(Saved entries)
(** Both conditions are equivalent to [2 A_ij = A_ii + A_jj] for all [i, j].
  If [L] is a symmetric lift of rank one then [L_ii L_jj = L_ij L_ji = L_ij^2],
  and degrees add under multiplication of Hahn series.  Conversely, under this
  condition the monomials [t^(A_ij)] form a symmetric lift of rank one, and
  every bijection [rho : I -> J] has the same value
  [(sum_(i in I) A_ii + sum_(j in J) A_jj) / 2]; since composing a bijection
  with a transposition changes its monomial, every square submatrix of size at
  least two is symmetrically tropically singular.  Finally, the singularity of
  the submatrix on rows and columns [{i, j}] forces [A_ii + A_jj = 2 A_ij],
  because its only two monomials [X_ii X_jj] and [X_ij^2] are distinct. *)

Section HahnDegree.
Local Open Scope classical_set_scope.
Variable R : realType.
Implicit Types (f g : R -> C R) (a b d : R).

Lemma has_deg_unique f d d' : has_deg f d -> has_deg f d' -> d = d'.
Proof.
by move=> [fd fdmin] [fd' fd'min]; apply/eqP; rewrite eq_le fdmin ?fd'min.
Qed.

Lemma hmul_at_deg f g df dg : has_deg f df -> has_deg g dg ->
  hmul f g (df + dg) = f df * g dg.
Proof.
move=> [f0 fmin] [g0 gmin]; rewrite /hmul.
have -> : [set a | f a != 0 /\ g (df + dg - a) != 0] = [set df].
  apply/seteqP; split => a /=; last by move->; rewrite addrC addKr.
  move=> [/fmin dfa /gmin]; rewrite lerBrDr addrC lerD2r => adf.
  by apply/eqP; rewrite eq_le adf.
by rewrite fsbig_set1 addrC addKr.
Qed.

Lemma hmul_below_deg f g df dg c : has_deg f df -> has_deg g dg ->
  c < df + dg -> hmul f g c = 0.
Proof.
move=> [_ fmin] [_ gmin] c_lt; rewrite /hmul.
have -> : [set a | f a != 0 /\ g (c - a) != 0] = set0.
  apply/seteqP; split => a //= [/fmin dfa /gmin]; rewrite lerBrDr addrC.
  by apply/negP; rewrite -ltNge (lt_le_trans c_lt) // lerD2r.
by rewrite fsbig_set0.
Qed.

Lemma has_deg_hmul f g df dg : has_deg f df -> has_deg g dg ->
  has_deg (hmul f g) (df + dg).
Proof.
move=> degf degg; split.
  by rewrite (hmul_at_deg degf degg) mulf_neq0 //; [case: degf | case: degg].
move=> c; apply: contraR; rewrite -ltNge => c_lt.
by rewrite (hmul_below_deg degf degg c_lt).
Qed.

Definition tpow a : R -> C R := fun x => if x == a then 1 else 0.

Lemma tpow_neq0 a x : (tpow a x != 0) = (x == a).
Proof. by rewrite /tpow; case: (x == a); rewrite ?oner_eq0 ?eqxx. Qed.

Lemma supp_tpow a : supp (tpow a) = [set a].
Proof. by apply/seteqP; split => x; rewrite /supp /= tpow_neq0 => /eqP. Qed.
(* Let $K$ be an imaginary quadratic field of class number $1$, with ring of integers $\mathcal{O}_K\subset\mathbb{C}$, and let $z\in\mathcal{O}_K$, $z\neq 0$. There is a natural number $n$ such that $z^n$ is a real number if and only if $\arg z$ is a multiple of $\pi/4$ when $K=\mathbb{Q}(\sqrt{-1})$, a multiple of $\pi/6$ when $K=\mathbb{Q}(\sqrt{-3})$, and a multiple of $\pi/2$ otherwise. *)

From mathcomp Require Import all_boot all_order all_algebra.
From mathcomp Require Import reals trigo.
From mathcomp Require Import complex.
Import GRing.Theory Num.Theory.
Local Open Scope ring_scope.
Local Open Scope complex_scope.

Section QuadDefs.
Variable R : realType.

Definition squarefree (d : nat) : Prop :=
  forall p : nat, prime p -> ~~ (p ^ 2 %| d)%N.

Definition sqrt_neg (d : nat) : R[i] := 0 +i* Num.sqrt (d%:R : R).

Definition inK (d : nat) (z : R[i]) : Prop :=
  exists a b : rat, z = ratr a + ratr b * sqrt_neg d.

Definition alg_int (z : R[i]) : Prop :=
  exists p : {poly int}, p \is monic /\ root (map_poly (fun k : int => k%:~R) p) z.

Definition OK (d : nat) (z : R[i]) : Prop := inK d z /\ alg_int z.

Definition is_ideal (d : nat) (I : R[i] -> Prop) : Prop :=
  [/\ forall x, I x -> OK d x,
      I 0,
      forall x y, I x -> I y -> I (x + y)
    & forall r x, OK d r -> I x -> I (r * x)].
Lemma level_done_sepset k H x y (S : {set V}) : level_done ci k H ->
  S \subset ad H x :\ y -> #|S| = k -> ci [set x] [set y] S -> (x, y) \notin H.
Proof.
move=> done_k sub_S card_S ci_S; apply/negP => xyH.
apply: (done_k (remove_edge H x y)); exists x, y, S; split=> //; split=> //.
by rewrite -card_S subset_leq_card.
Qed.

End PCLevels.

Section SkeletonRecovery.
Variables (V : finType) (G : mgraph V) (ci : {set V} -> {set V} -> {set V} -> Prop).
Hypotheses (CG : is_chain_graph G) (FA : faithful ci G).

Definition contains_skeleton (H : {set V * V}) :=
  [/\ forall a, (a, a) \notin H, forall a b, ((a, b) \in H) = ((b, a) \in H)
    & forall a b, adjacent G a b -> (a, b) \in H].

Lemma complete_contains_skeleton : contains_skeleton (complete_ug V).
Proof.
case: CG => loopF _ _ _; split=> [a | a b | a b adj_ab]; rewrite !inE /=.
- by rewrite eqxx.
- by rewrite eq_sym.
- apply: contraTneq adj_ab => ->.
  by rewrite /adjacent; case: (loopF b) => /negbTE -> /negbTE ->.
Qed.

Lemma faithful1 u v (S : {set V}) : u != v -> u \notin S -> v \notin S ->
  ci [set u] [set v] S <-> c_separates G [set u] [set v] S.
Proof. by move=> neq_uv uS vS; apply: FA; rewrite disjoints1 ?in_set1. Qed.

Lemma pc_step_contains_skeleton i H H' :
  contains_skeleton H -> pc_step ci i H H' -> contains_skeleton H'.
Proof.
move=> [irrH symH adjH] [u [v [S [[uvH _ sub_S _ ci_S] ->]]]].
have neq_uv : u != v by apply: contraTneq uvH => ->; apply: irrH.
have uS : u \notin S.
  by apply: contraNN (irrH u) => /(subsetP sub_S); rewrite !inE => /andP [_].
have vS : v \notin S by apply/negP => /(subsetP sub_S); rewrite !inE eqxx.
have nadj_uv : ~~ adjacent G u v.
  apply/negP => adj_uv; apply: (adjacent_not_c_separated neq_uv uS vS adj_uv).
  exact/(faithful1 neq_uv uS vS).
split=> [a | a b | a b adj_ab]; rewrite !inE.
- by rewrite (negbTE (irrH a)) !andbF.
- by rewrite symH !xpair_eqE; case: (a == v); case: (b == u); case: (a == u); case: (b == v).
- rewrite adjH // andbT; apply/andP; split; apply: contraNneq nadj_uv => -[ea eb].
    by rewrite -ea -eb (adjacentC (chain_und_sym CG)).
  by rewrite -ea -eb.
Qed.

Lemma pc_steps_contains_skeleton i H H' : clos_refl_trans _ (pc_step ci i) H H' ->
  contains_skeleton H -> contains_skeleton H'.
Proof.
elim=> [{}H {}H' step | // | H1 H2 H3 _ IH12 _ IH23] skel; last exact/IH23/IH12.
exact: pc_step_contains_skeleton step.
Qed.

Lemma pc_after_contains_skeleton n H : pc_after ci n H -> contains_skeleton H.
Proof.
elim: n H => [|n IHn] H /=; first by move->; apply: complete_contains_skeleton.
by case=> H0 [after_n [steps _]]; apply: pc_steps_contains_skeleton steps (IHn H0 after_n).
Qed.

Lemma bd_sub_ad H x y : contains_skeleton H -> y \notin bd G [set x] ->
  bd G [set x] \subset ad H x :\ y.
Proof.
case=> _ _ adjH y_nbd; apply/subsetP => z z_bd; rewrite !inE.
apply/andP; split; first by apply: contraNneq y_nbd => <-.
by apply: adjH; move: z_bd; rewrite in_bd1 => /andP [_ /(pd_step_adjacent (chain_und_sym CG))].
Qed.

Lemma card_bd1 x y : x != y -> y \notin bd G [set x] -> #|bd G [set x]| <= #|V| - 2.
Proof.
move=> neq_xy y_nbd; rewrite -(cardsC [set x; y]) cards2 neq_xy addKn subset_leq_card //.
apply/subsetP => z z_bd; rewrite !inE negb_or.
by apply/andP; split; apply: contraTneq z_bd => ->; rewrite // in_bd1 eqxx.
Qed.

Lemma pc_output_removes H x y : pc_skeleton_output ci H -> x != y ->
  ~~ adjacent G x y -> ~~ pd_desc G x y -> (x, y) \notin H.
Proof.
move=> out neq_xy nadj_xy not_desc.
have y_nbd : y \notin bd G [set x].
  apply/negP; rewrite in_bd1 => /andP [_ /(pd_step_adjacent (chain_und_sym CG))].
  exact/negP.
have [Hk after_k sub_Hk] := pc_after_sub_level out (card_bd1 neq_xy y_nbd).
have [_ [_ [_ done_k]]] := after_k.
apply/negP => /(subsetP sub_Hk); apply/negP.
apply: (level_done_sepset done_k _ (erefl _)).
  exact: bd_sub_ad (pc_after_contains_skeleton after_k) y_nbd.
have x_nbd : x \notin bd G [set x] by rewrite in_bd1 eqxx.
exact: (faithful1 neq_xy x_nbd y_nbd).2 (bd_c_separates CG neq_xy not_desc).
Qed.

» **TASK BRIEF**
Among the records above, repeat exactly the line with "Lemma complete_contains_skeleton : contains_skeleton", the line with "have nadj_uv : ~~ adjacent G u v.", and every line in between, and only those.

» **WRITTEN RESPONSE**
Lemma complete_contains_skeleton : contains_skeleton (complete_ug V).
Proof.
case: CG => loopF _ _ _; split=> [a | a b | a b adj_ab]; rewrite !inE /=.
- by rewrite eqxx.
- by rewrite eq_sym.
- apply: contraTneq adj_ab => ->.
  by rewrite /adjacent; case: (loopF b) => /negbTE -> /negbTE ->.
Qed.

Lemma faithful1 u v (S : {set V}) : u != v -> u \notin S -> v \notin S ->
  ci [set u] [set v] S <-> c_separates G [set u] [set v] S.
Proof. by move=> neq_uv uS vS; apply: FA; rewrite disjoints1 ?in_set1. Qed.

Lemma pc_step_contains_skeleton i H H' :
  contains_skeleton H -> pc_step ci i H H' -> contains_skeleton H'.
Proof.
move=> [irrH symH adjH] [u [v [S [[uvH _ sub_S _ ci_S] ->]]]].
have neq_uv : u != v by apply: contraTneq uvH => ->; apply: irrH.
have uS : u \notin S.
  by apply: contraNN (irrH u) => /(subsetP sub_S); rewrite !inE => /andP [_].
have vS : v \notin S by apply/negP => /(subsetP sub_S); rewrite !inE eqxx.
have nadj_uv : ~~ adjacent G u v.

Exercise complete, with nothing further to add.